Девушка поднялась ему навстречу. Они обнялись, окутанные водоворотом самоцветного пламени, и когда она вновь упала на простыни, он вошел в нее. Он вернулся домой.
Изомира шевельнулась. Сновидение было таким ярким, что на миг она ощутила под пальцами его гладкую кожу. Но когда девушка открыла глаза, ладони ее касались лишь грубых льняных простынь. Горло ей стискивали невыплаканные слезы – счастья, не горя.
«Не плачь, Имми, – шепнул внутри нее Линден. – Мы нашли друг друга. Теперь я всегда буду с тобой».
Жоаах и Гулжур стояли на черной равнине, рассеченной пополам черной тропой, под черным куполом неба, отделенного от равнины бледным заревом окоема.
Прежде, чем проникнуть в царство духа, они отдалились на почтительное расстояние от Парионы. Оба скрылись от людских глаз в миг начала битвы, не слушая мольбы Гарнелиса о помощи, но задержались, не в силах устоять перед искушением отведать сладостной людьей боли. Затем они бежали.

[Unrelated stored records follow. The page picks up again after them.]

Lemma den_BoundedEx bound P x :
  den (BoundedEx bound P) x = 0 <-> exists q, q <= den bound x /\ den P (cpair x q) = 0.
Proof.
  unfold BoundedEx. cbn [den Num].
  match goal with |- context [Nat.iter _ ?g _] => set (G := g) end.
  assert (Hloop : forall k, exists f, Nat.iter k G (cpair 0 1) = cpair k f /\
                    (f = 0 <-> exists q, q < k /\ den P (cpair x q) = 0)).
  { induction k as [|k (f & E & H)].
    - exists 1. split; [reflexivity|]. split; [discriminate|]. intros (q & Hq & _). lia.
    - rewrite Nat.iter_succ, E. unfold G. cbn [den]. simpl_unpair.
      eexists. split; [reflexivity|]. rewrite den_Or. cbn [den]. simpl_unpair. rewrite H.
      split.
      + intros [(q & Hq & Hp)|Hp]; [exists q|exists k]; split; auto with arith.
      + intros (q & Hq & Hp). destruct (Nat.eq_dec q k) as [->|Hqk]; [right; exact Hp|].
        left. exists q. split; [lia|exact Hp]. }
  destruct (Hloop (S (den bound x))) as (f & -> & H). simpl_unpair. rewrite H.
  split; intros (q & Hq & Hp); exists q; split; auto; lia.
Qed.

Definition RepeatList (s : expr) : expr :=
  Iter (Succ (Pair (Comp s (Fst Var)) (Snd Var))) Zero (Succ s).

Lemma den_RepeatList s x : den (RepeatList s) x = encode_list (repeat (den s x) (S (den s x))).
Proof.
  unfold RepeatList. rewrite (den_Iter _ _ _ _ (fun st => S (cpair (den s x) st)))
    by (intro; cbn [den]; simpl_unpair; reflexivity).
  cbn [den]. generalize (S (den s x)) as m. induction m as [|m IH]; [reflexivity|].
  rewrite Nat.iter_succ, IH. reflexivity.
Qed.

Definition CycleWitness (rel : expr) : expr :=
  let rel' := Comp rel (Pair (Fst (Fst Var)) (Snd Var)) in
  let q := Snd Var in
  let a := Fst q in
  let b := Fst (Snd q) in
  And (Not (Equal a b))
      (And (PathCheck rel' a (Fst (Snd (Snd q))) b) (PathCheck rel' b (Snd (Snd (Snd q))) a)).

– Дозволяющий! – воскликнул Жоаах.
– Способствующий, – откликнулся Гулжур.
И они поклонились друг другу, молчаливо поздравляя себя с победой.
– Несчастный Гарнелис, – заметил Жоаах с ласковой улыбочкой. – Такая легкая добыча.

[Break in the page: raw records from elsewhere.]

Lemma measurable_mx_tr m n (F : T -> 'M[R]_(m, n)) :
  measurable_mx F -> measurable_mx (fun w => (F w)^T).
Proof. by move=> mF i j; under eq_fun do rewrite mxE; exact: mF. Qed.

Lemma measurable_det n (F : T -> 'M[R]_n) :
  measurable_mx F -> measurable_fun setT (fun w => \det (F w)).
Proof.
move=> mF; rewrite /determinant; apply: measurable_sum => s.
apply: measurable_funM => //.
by apply: measurable_prod => i _; exact: mF.
Qed.

Lemma measurable_mx_adj n (F : T -> 'M[R]_n) :
  measurable_mx F -> measurable_mx (fun w => \adj (F w)).
Proof.
move=> mF i j; under eq_fun do rewrite mxE /cofactor.
apply: measurable_funM => //; apply: measurable_det => a b.
by under eq_fun do rewrite !mxE; exact: mF.
Qed.

Lemma measurable_invmx n (F : T -> 'M[R]_n) :
  measurable_mx F -> (forall w, F w \in unitmx) -> measurable_mx (fun w => invmx (F w)).
Proof.
move=> mF F_unit; have -> : (fun w => invmx (F w)) = (fun w => (\det (F w))^-1 *: \adj (F w)).
  by apply: funext => w; rewrite /invmx F_unit.
apply: measurable_mxZ; last exact: measurable_mx_adj.
exact: measurableT_comp (@measurable_inv R) (measurable_det mF).
Qed.

End MeasurableMatrices.

Lemma measurable_abs_gt (R : realType) (t : R) : measurable [set e : R | t < `|e|].
Proof.
have := @normr_measurable R setT measurableT _ (measurable_itv `]t, +oo[).
by rewrite setTI; congr measurable; apply/seteqP; split => e /=; rewrite in_itv /= andbT.
Qed.

(* Markov's inequality for [exp (e^2 / r'^2)], with [r' < r] a radius from the infimum
   defining the Orlicz norm. *)
Lemma orlicz_tail_le (R : realType) (Q : {measure set R -> \bar R}) (r t : R) :
  0 <= t -> (orlicz_norm Q < r%:E)%E ->
  (Q [set e | (t < `|e|)%R] <= (2 * expR (- (t ^+ 2 / r ^+ 2)))%:E)%E.
Proof.
move=> t_ge0 /ereal_inf_lt[_ [r' [r'_gt0 int_le2] <-]]; rewrite lte_fin => r'_lt_r.
set E := [set e : R | t < `|e|]; set c := expR (t ^+ 2 / r' ^+ 2).
have c_gt0 : 0 < c := expR_gt0 _.
have mexp : measurable_fun setT (fun e : R => (expR (e ^+ 2 / r' ^+ 2))%:E).
  apply/measurable_EFinP; apply: measurableT_comp => //.
  by apply: measurable_funM => //; exact: measurable_funX.
have mE : measurable E := measurable_abs_gt t.
have cQE_le2 : (c%:E * Q E <= 2%:E)%E.
  rewrite -(integral_cst Q mE); apply: le_trans int_le2.
  have : (\int[Q]_(e in E) (expR (e ^+ 2 / r' ^+ 2))%:E <=
          \int[Q]_e (expR (e ^+ 2 / r' ^+ 2))%:E)%E.
    apply: ge0_subset_integral => //; by move=> e _; rewrite lee_fin expR_ge0.
  apply: le_trans; apply: ge0_le_integral => //; [by move=> e _; rewrite lee_fin ltW |
    exact: measurable_funS mexp | move=> e /= t_lt_e].
  rewrite lee_fin ler_expR ler_pM2r ?invr_gt0 ?exprn_gt0 //.
  rewrite -[e ^+ 2]real_normK ?num_real //.
  by apply: lerXn2r; rewrite ?nnegrE //; exact: ltW.
apply: le_trans (_ : ((c^-1 * 2)%:E <= _)%E).
  by rewrite EFinM lee_pdivlMl.
have r_gt0 : 0 < r := lt_trans r'_gt0 r'_lt_r.
rewrite lee_fin mulrC ler_pM2l // /c -expRN ler_expR lerN2 ler_wpM2l ?sqr_ge0 //.
rewrite lef_pV2 ?posrE ?exprn_gt0 //.
by apply: lerXn2r; rewrite ?nnegrE ?ltW.
Qed.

– Да, день выдался прелестный. Зачем шевелить хоть пальцем, когда достаточно нашептать яду в уши человекам, и напустить их друг на друга? – Гулжур зловеще хохотнул.
– Настоящее произведение искусства – недоверие, угнетение, междоусобица! Дай прикинуть – мы с тобой вдвоем не убили и десятка людей, в то время, как сами они сгубили сотни, тысячи! Истинное совершенство.
– Совершенство недостижимо, – заметил циник и реалист Гулжур. – Дел у нас еще много. Это было лишь вступление.
– Ну, не прибедняйся. Мы в точности исполнили свою задачу – стравить человеков между собою. Сейчас они самодовольно пыжатся, думая, что победили и заслужили мира, и не подозревают даже, что это мы спланировали их унижение!
– Верно, препятствий нам встретилось немного. Однако ж не все человеки – полное дурачье. Нас раскрыли. Это могло бы стать катастрофой.
– Но не стало. А теперь мы сгинули, – возразил Жоаах. – О, как божественно он издох!
– Кто – царь?
– Кто же еще? Этого я не предвидел – но даже займись я его судьбой лично, мне не придумать более утонченной погибели!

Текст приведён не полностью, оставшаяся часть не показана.